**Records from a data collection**
(* Let $r,m\ge0$ and $k\ge1$ be integers with $r+m\equiv1\pmod 2$, and let $n\ge0$. Then $$\lim_{q\to-1}\frac{\sum_{j=0}^{2n}q^{rj^2+mj}\begin{bmatrix} 2n\\ j\end{bmatrix}_{q^{2k}}}{(-q;q)_{2n}}=(k-r)^n,\qquad \lim_{q\to-1}\frac{\sum_{j=0}^{2n+1}q^{rj^2+mj}\begin{bmatrix} 2n+1\\ j\end{bmatrix}_{q^{2k}}}{(-q;q)_{2n+1}}=\big((2n+1)r+m\big)(k-r)^n.$$
   Context: $(x;q)_n=\prod_{j=0}^{n-1}(1-q^jx)$. The Gaussian binomial coefficient is $\begin{bmatrix} n\\ j\end{bmatrix}_q=\frac{(q;q)_n}{(q;q)_j(q;q)_{n-j}}$ for $0\le j\le n$, a polynomial in $q$; $\begin{bmatrix} n\\ j\end{bmatrix}_{q^{2k}}$ is this with $q$ replaced by $q^{2k}$. The quotients are rational functions of $q$ and the limits are taken as $q\to-1$. *)

From Stdlib Require Import Reals.
Open Scope R_scope.

Fixpoint qpoch (x q : R) (n : nat) : R :=
  match n with
  | O => 1
  | S n' => qpoch x q n' * (1 - q ^ n' * x)
  end.

Definition gauss_binom (n j : nat) (q : R) : R :=
  qpoch q q n / (qpoch q q j * qpoch q q (n - j)).

Definition cor_num (r m k N : nat) (q : R) : R :=
  sum_f_R0 (fun j => q ^ (r * j * j + m * j) * gauss_binom N j (q ^ (2 * k))) N.

Definition cor_ratio (r m k N : nat) (q : R) : R :=
  cor_num r m k N q / qpoch (- q) q N.

From Stdlib Require Import Reals Lra Lia Factorial ClassicalEpsilon.
From Coquelicot Require Import Coquelicot.
Open Scope R_scope.

(* Put y = q^2 and w = (-q)^(r+m).  Since r j^2 + m j = 2 r (j choose 2) + (r + m) j with r + m
   odd, the numerator is Gsum N y w, a polynomial in w obeying the q-Pascal recurrence
   G_(N+1)(w) = G_N(y^k w) - w G_N(y^r w).  Let q tend to -1 from the right (z = 1) or from the
   left (z = -1) along q = -sqrt(1 - z t^2), t -> 0+, so that y = 1 - z t^2 and w = 1 - t u with
   u -> 0.  Differentiating the recurrence d times in w and using the mean value theorem, the
   rescaled derivatives t^(d-N) (d/dw)^d G_N(y, 1 - t u) converge, uniformly for u near u0, to
   polynomials in u0 satisfying a Hermite-type recurrence; at u0 = 0 they equal
   (2n-1)!! ((k-r) z)^n for (N, d) = (2n, 0) and -(2n+1)!! ((k-r) z)^n for (2n+1, 1).
   Meanwhile (-q;q)_(2n) = (1 - q^2)^n (2n-1)!! (1 + o(1)), which settles the even case.  For
   N = 2n+1 the polynomial vanishes at w0 = y^(-rn) by the symmetry j <-> N - j, so the
   numerator is (w - w0) times a first derivative, and w - w0 cancels the extra zero of
   1 + q^(2n+1) in the denominator. *)

Fixpoint geom (j : nat) (y : R) : R :=
  match j with O => 0 | S j => 1 + y * geom j y end.

Lemma geom_spec j y : 1 - y ^ j = (1 - y) * geom j y.
Proof.
  induction j as [|j IH]; simpl; [ring |].
  replace (1 - y * y ^ j) with ((1 - y) + y * (1 - y ^ j)) by ring.
  rewrite IH; ring.
Qed.

Lemma geom_continuous j y : continuity_pt (geom j) y.
Proof.
  induction j as [|j IH]; simpl.
  - now apply continuity_pt_const.
  - apply continuity_pt_plus; [now apply continuity_pt_const |].
    apply continuity_pt_mult; [apply derivable_continuous_pt, derivable_pt_id | exact IH].
Qed.

Lemma geom_1 j : geom j 1 = INR j.
Proof. induction j as [|j IH]; simpl geom; [reflexivity |]. rewrite IH, S_INR; ring. Qed.

Lemma geom_ge_1 j y : 0 < y -> (1 <= j)%nat -> 1 <= geom j y.
Proof.
  intros Hy Hj. induction j as [|[|j] IH]; [lia | simpl; lra |].
  assert (1 <= geom (S j) y) by (apply IH; lia).
  simpl geom in *. nra.
Qed.

Definition near_scale (x0 : R) : (R * R -> Prop) -> Prop :=
  filter_prod (at_right 0) (locally x0).

Lemma ball_R (x d t : R) : ball x d t <-> Rabs (t - x) < d.
Proof. reflexivity. Qed.

Section Limits.

Context {T : Type} {F : (T -> Prop) -> Prop} {FF : Filter F}.

Lemma lim_locally_Rabs (f : T -> R) (a : R) :
  filterlim f F (locally a) <-> forall eps, 0 < eps -> F (fun x => Rabs (f x - a) < eps).
Proof.
  rewrite filterlim_locally. split.
  - intros H eps He. exact (H (mkposreal eps He)).
  - intros H [eps He]. exact (H eps He).
Qed.

Lemma lim_plus (f g : T -> R) (a b : R) :
  filterlim f F (locally a) -> filterlim g F (locally b) ->
  filterlim (fun x => f x + g x) F (locally (a + b)).
Proof.
  intros Hf Hg. exact (filterlim_comp_2 f g Rplus Hf Hg (@filterlim_plus _ R_NormedModule a b)).
Qed.

Lemma lim_mult (f g : T -> R) (a b : R) :
  filterlim f F (locally a) -> filterlim g F (locally b) ->
  filterlim (fun x => f x * g x) F (locally (a * b)).
Proof. intros Hf Hg. exact (filterlim_comp_2 f g Rmult Hf Hg (@filterlim_mult R_AbsRing a b)). Qed.

Lemma lim_cont (h : R -> R) (f : T -> R) (a : R) :
  filterlim f F (locally a) -> continuity_pt h a ->
  filterlim (fun x => h (f x)) F (locally (h a)).
Proof. intros Hf Hh. eapply filterlim_comp; [exact Hf | now apply continuity_pt_filterlim]. Qed.

Lemma lim_opp (f : T -> R) (a : R) :
  filterlim f F (locally a) -> filterlim (fun x => - f x) F (locally (- a)).
Proof.
  intros Hf. apply (lim_cont Ropp f a Hf).
  apply continuity_pt_opp, derivable_continuous_pt, derivable_pt_id.
Qed.

Lemma lim_minus (f g : T -> R) (a b : R) :
  filterlim f F (locally a) -> filterlim g F (locally b) ->
  filterlim (fun x => f x - g x) F (locally (a - b)).
Proof. intros Hf Hg. apply lim_plus; [exact Hf | exact (lim_opp g b Hg)]. Qed.

Lemma lim_inv (f : T -> R) (a : R) :
  filterlim f F (locally a) -> a <> 0 -> filterlim (fun x => / f x) F (locally (/ a)).
Proof.
  intros Hf Ha. apply (lim_cont Rinv f a Hf).
  exact (continuity_pt_inv id a (derivable_continuous_pt _ _ (derivable_pt_id a)) Ha).
Qed.

Lemma lim_pow (f : T -> R) (a : R) (n : nat) :
  filterlim f F (locally a) -> filterlim (fun x => f x ^ n) F (locally (a ^ n)).
Proof.
  intros Hf. induction n as [|n IH]; simpl.
  - apply filterlim_const.
  - exact (lim_mult _ _ _ _ Hf IH).
Qed.

Lemma lim_dominated (v g1 g2 : T -> R) (a : R) :
  filterlim g1 F (locally a) -> filterlim g2 F (locally a) ->
  F (fun x => Rabs (v x - g1 x) <= Rabs (g2 x - g1 x)) ->
  filterlim v F (locally a).
Proof.
  rewrite !lim_locally_Rabs. intros H1 H2 Hv eps He.
  assert (B1 := H1 (eps / 3) ltac:(lra)); assert (B2 := H2 (eps / 3) ltac:(lra)).
  generalize (filter_and _ _ Hv (filter_and _ _ B1 B2)).
  apply filter_imp. intros x [Hx [E1 E2]].
  pose proof (Rabs_triang (v x - g1 x) (g1 x - a)) as T1.
  pose proof (Rabs_triang (g2 x - a) (a - g1 x)) as T2.
  rewrite (Rabs_minus_sym a (g1 x)) in T2.
  replace (v x - g1 x + (g1 x - a)) with (v x - a) in T1 by ring.
  replace (g2 x - a + (a - g1 x)) with (g2 x - g1 x) in T2 by ring.
  lra.
Qed.

Lemma lim_scale_locally (tau : T -> R) :
  filterlim tau F (at_right 0) -> filterlim tau F (locally 0).
Proof. intros H P HP. apply H. exact (filter_imp _ _ (fun x Px _ => Px) HP). Qed.

Lemma eventually_scale_small (tau : T -> R) (d : R) :
  filterlim tau F (at_right 0) -> 0 < d -> F (fun x => 0 < tau x < d).
Proof.
  intros H Hd. apply (H (fun t => 0 < t < d)). exists (mkposreal d Hd).
  intros t Ht Hpos. split; [exact Hpos |]. apply (ball_R 0 d t) in Ht.
  eapply Rle_lt_trans; [| exact Ht]. rewrite Rminus_0_r. apply Rle_abs.
Qed.

Lemma lim_geom (f : T -> R) (j : nat) :
  filterlim f F (locally 1) -> filterlim (fun x => geom j (f x)) F (locally (INR j)).
Proof. intros Hf. rewrite <- geom_1. exact (lim_cont _ f 1 Hf (geom_continuous j 1)). Qed.

Lemma lim_mvt_select (S c tau g1 g2 : T -> R) (f : R -> R -> R) (C L x1 : R) :
  filterlim c F (locally C) ->
  filterlim (fun p => f (fst p) (snd p)) (near_scale x1) (locally L) ->
  filterlim tau F (at_right 0) ->
  filterlim g1 F (locally x1) -> filterlim g2 F (locally x1) ->
  F (fun x => exists v, Rabs (v - g1 x) <= Rabs (g2 x - g1 x) /\ S x = c x * f (tau x) v) ->
  filterlim S F (locally (C * L)).
Proof.
  intros Hc Hf Htau H1 H2 HS.
  set (P x v := Rabs (v - g1 x) <= Rabs (g2 x - g1 x) /\ S x = c x * f (tau x) v).
  set (v x := epsilon (inhabits 0) (P x)).
  assert (Hv : F (fun x => P x (v x))).
  { apply (filter_imp _ _ (fun x => epsilon_spec (inhabits 0) (P x)) HS). }
  apply filterlim_ext_loc with (fun x => c x * f (tau x) (v x)).
  { apply (filter_imp _ _ (fun x Px => eq_sym (proj2 Px)) Hv). }
  apply lim_mult; [exact Hc |].
  apply (filterlim_comp_2 (H := locally x1) tau v f Htau); [| exact Hf].
  apply (lim_dominated v g1 g2 x1 H1 H2), (filter_imp _ _ (fun x Px => proj1 Px) Hv).
Qed.

End Limits.

Lemma neg_sqrt_param q : -2 < q < 0 -> q <> -1 ->
  exists z t, (z = 1 \/ z = -1) /\ 0 < t /\ t ^ 2 <= 3 * Rabs (q + 1)
              /\ q = - sqrt (1 - z * t ^ 2).
Proof.
  intros Hq Hq1.
  destruct (Rlt_dec (-1) q) as [Hlt | Hge];
    [exists 1, (sqrt (1 - q ^ 2)) | exists (-1), (sqrt (q ^ 2 - 1))].
  - assert (0 < 1 - q ^ 2) by nra.
    rewrite pow2_sqrt, Rabs_pos_eq by lra. repeat split; [lra | apply sqrt_lt_R0; lra | nra |].
    replace (1 - 1 * (1 - q ^ 2)) with ((- q) ^ 2) by ring. rewrite sqrt_pow2 by lra. ring.
  - assert (q < -1) by lra. assert (0 < q ^ 2 - 1) by nra.
    rewrite pow2_sqrt, Rabs_left by lra. repeat split; [lra | apply sqrt_lt_R0; lra | nra |].
    replace (1 - -1 * (q ^ 2 - 1)) with ((- q) ^ 2) by ring. rewrite sqrt_pow2 by lra. ring.
Qed.

Lemma at_right_0_ball (P : R -> Prop) :
  at_right 0 P -> exists d, 0 < d /\ forall t, 0 < t < d -> P t.
Proof.
  intros [d Hd]. exists d. split; [apply cond_pos |]. intros t Ht. apply Hd; [| lra].
  apply ball_R. rewrite Rminus_0_r, Rabs_pos_eq; lra.
Qed.

Lemma limit1_in_of_sides (F : R -> R) (L : R) :
  (forall z, z = 1 \/ z = -1 ->
     filterlim (fun t => F (- sqrt (1 - z * t ^ 2))) (at_right 0) (locally L)) ->
  limit1_in F (fun q => q <> -1) L (-1).
Proof.
  intros H eps He.
  destruct (at_right_0_ball _ (proj1 (lim_locally_Rabs _ _) (H 1 (or_introl eq_refl)) eps He))
    as [d1 [Hd1 H1]].
  destruct (at_right_0_ball _ (proj1 (lim_locally_Rabs _ _) (H (-1) (or_intror eq_refl)) eps He))
    as [d2 [Hd2 H2]].
  set (d := Rmin 1 (Rmin (d1 * d1) (d2 * d2) / 3)).
  assert (Hd : 0 < d) by (apply Rmin_pos; [lra | apply Rdiv_lt_0_compat; [apply Rmin_pos |]; nra]).
  exists d. split; [exact Hd |]. intros q [Hq Hqd]. simpl in Hqd. unfold R_dist in Hqd.
  replace (q - -1) with (q + 1) in Hqd by ring.
  assert (A1 := Rmin_l 1 (Rmin (d1 * d1) (d2 * d2) / 3)).
  assert (A2 := Rmin_r 1 (Rmin (d1 * d1) (d2 * d2) / 3)).
  assert (B1 := Rmin_l (d1 * d1) (d2 * d2)). assert (B2 := Rmin_r (d1 * d1) (d2 * d2)).
  fold d in A1, A2. pose proof (Rabs_pos (q + 1)). apply Rabs_def2 in Hqd as Hq2.
  destruct (neg_sqrt_param q ltac:(lra) Hq) as [z [t [[-> | ->] [Ht [Htq ->]]]]];
    [apply H1 | apply H2]; split; try exact Ht; nra.
Qed.

Lemma Rmin_Rmax_dist a b c : Rmin a b <= c <= Rmax a b -> Rabs (c - a) <= Rabs (b - a).
Proof. unfold Rmin, Rmax. destruct (Rle_dec a b); intros Hc; split_Rabs; lra. Qed.

Lemma pow_neq_1 p m : 0 < p -> p <> 1 -> (0 < m)%nat -> p ^ m <> 1.
Proof.
  intros Hp H1 Hm E. destruct (Rlt_dec p 1) as [Hl | Hl].
  - assert (p ^ m < 1) by (destruct m; [lia | apply pow_lt_1_compat; [lra | lia]]). lra.
  - assert (1 < p ^ m) by (apply Rlt_pow_R1; [lra | lia]). lra.
Qed.

Lemma qpoch_self_neq_0 p n : 0 < p -> p <> 1 -> qpoch p p n <> 0.
Proof.
  intros Hp H1. induction n as [|n IH]; simpl; [lra |].
  apply Rmult_integral_contrapositive; split; [exact IH |].
  rewrite Rmult_comm, tech_pow_Rmult. pose proof (pow_neq_1 p (S n) Hp H1 ltac:(lia)). lra.
Qed.

Definition qbinom (N j : nat) (p : R) : R :=
  if (j <=? N)%nat then gauss_binom N j p else 0.

Lemma qbinom_0 N p : 0 < p -> p <> 1 -> qbinom N 0 p = 1.
Proof.
  intros Hp H1. unfold qbinom, gauss_binom. simpl. rewrite Nat.sub_0_r.
  pose proof (qpoch_self_neq_0 p N Hp H1). field; auto.
Qed.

**TASK TO CARRY OUT**
Within the data above, how many lines contain the word "reflexivity"? Write only the number.

**THE ANSWER**
2